To clarify my requirements a bit, I know how to prevent decompression in HttpClient and instead unpack it after reading from the stream, but I need to do this without changing the code that uses the resulting HttpResponseMessage from HttpClient . (There is a lot of code that processes the answers, and I only want to make changes in one central place.)
I have a plan that I prototyped and which works, as far as I know, found so far, but a little ugly. This involves creating a three-layer handler:
HttpClientHandler with automatic decompression disabled.- A new handler that replaces the content stream with a new subclass of
Stream which delegates the original content stream, but hashes the data as it reads. - Decompression processor based on Microsoft
DecompressionHandler code.
While this works, it has disadvantages:
- Open Source Licensing: Checking What I Need To Do To Create A New File In My Repo Based On MIT License Microsoft Code
- Efficiently formatting MS code, which means that I should probably check regularly for any errors.
- Microsoft code uses internal assembly elements, so it doesnโt carry over as cleanly as possible.
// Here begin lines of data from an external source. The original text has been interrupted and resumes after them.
Lemma ballot_sum_east_of y : y < n -> m < k * (y + r) -> ballot_sum (m + 1) y = 0.
Proof.
move=> hy hm; set c := k * (y + r) - m - 1.
have [j hj] : exists j : nat, (n - y)%R = Posz j.+1 by exists (absz (n - y - 1)%R); lia.
have k_ge0 : 0 <= k by lia.
have c_ge0 : 0 <= c by lia.
rewrite -(@raney_alt_eq0 k j c k_ge0 c_ge0) /c.
rewrite /ballot_sum (big_ord_vanishing_eq _ (ballot_term _ _) T j.+2) => [|i hi].
  apply: eq_bigr => i _; rewrite /ballot_term hj; congr (_ * raney _ _ _ * zbinom _ _); lia.
rewrite /ballot_term; have [hiT|hij] := leqP T i; last by rewrite raney_lt0 ?mulr0 ?mul0r //; lia.
by rewrite zbinom_small ?mulr0 //; nia.
Qed.

Lemma npaths_ballot_sum L x y : x <= m -> y <= n -> x < k * (y + r) ->
  (m - x) + (n - y) = L%:Z -> (npaths k r L x y m n)%:Z = ballot_sum x y.
Proof.
elim: L x y => [|L IH] x y hxm hyn hx hL.
  have [-> ->] : x = m /\ y = n by lia.
  by rewrite npaths0 eqxx m_lt ballot_sum_end.
rewrite npathsS hx PoszD ballot_sum_rec //; congr (_ + _).
- have [exm|xm] := eqVneq x m.
    by rewrite exm npaths_east_of ?ballot_sum_east_of //; lia.
  have [hx1|hx1] := ltrP (x + 1) (k * (y + r)); first by apply: IH; lia.
  by rewrite npaths_below ?ballot_sum_diag -?leNgt //; lia.
- have [eyn|yn] := eqVneq y n.
    by rewrite eyn npaths_north_of ?ballot_sum_north_of //; lia.
  by apply: IH; nia.
Qed.

End BallotSum.

Theorem corollary2p3 (k r a b m n : int) :
  1 <= k ->
  0 <= a -> a <= m ->
  0 < b -> a < k * (b + r) -> b <= n ->
  m < k * (n + r) ->
  (#|lattice_paths k r a b m n|%:R : rat) =
  \sum_(i < (`|((k * (n + r) - m - 1) %/ (k + 1))%Z|).+1)
    (-1) ^+ i *
    ((k * (b + r) - a)%:~R / ((k + 1) * (n - i%:Z) - a - b + k * r)%:~R) *
    (zbinom ((k + 1) * (n - i%:Z) - a - b + k * r) (n - b - i%:Z))%:~R *
    (zbinom (k * (n + r - i%:Z) - m - 1) i%:Z)%:~R.
Proof.
move=> hk ha hm hb hc hbn hmn.
set T := (`|_|).+1.
have T_large : k * (n + r) - m - 1 < (k + 1) * T%:Z.
  have q_ge0 : 0 <= ((k * (n + r) - m - 1) %/ (k + 1))%Z by rewrite divz_ge0; lia.
  rewrite [(k + 1) * _]mulrC -ltz_divLR /T; lia.
rewrite card_lattice_paths -[_%:R]/((_%:Z)%:~R).
rewrite (@npaths_ballot_sum k r m n T) //; last by lia.
rewrite rmorph_sum; apply: eq_bigr => i _; rewrite /ballot_term.
have -> : (k + 1) * (n - i%:Z) - a - b + k * r = (k + 1) * (n - i%:Z - b) + (k * (b + r) - a) by ring.
have -> : n - b - i%:Z = n - i%:Z - b by ring.
have k_ge0 : 0 <= k by lia.
have c_ge1 : 1 <= k * (b + r) - a by lia.
rewrite -[in RHS](mulrA ((-1) ^+ i)) raney_closed //.
by rewrite !rmorphM /= rmorphXn /= rmorphN1.
Qed.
If Microsoft made DecompressionHandler publicly available, this will help the lot - but it will probably be in a longer time frame than I need.
I am looking for an alternative approach, if possible - what I missed allows me to get to the content before decompression. I do not want to invent HttpClient - the answer is often looped, for example, and I do not want this side of things. This is a pretty specific interception point that I'm looking for.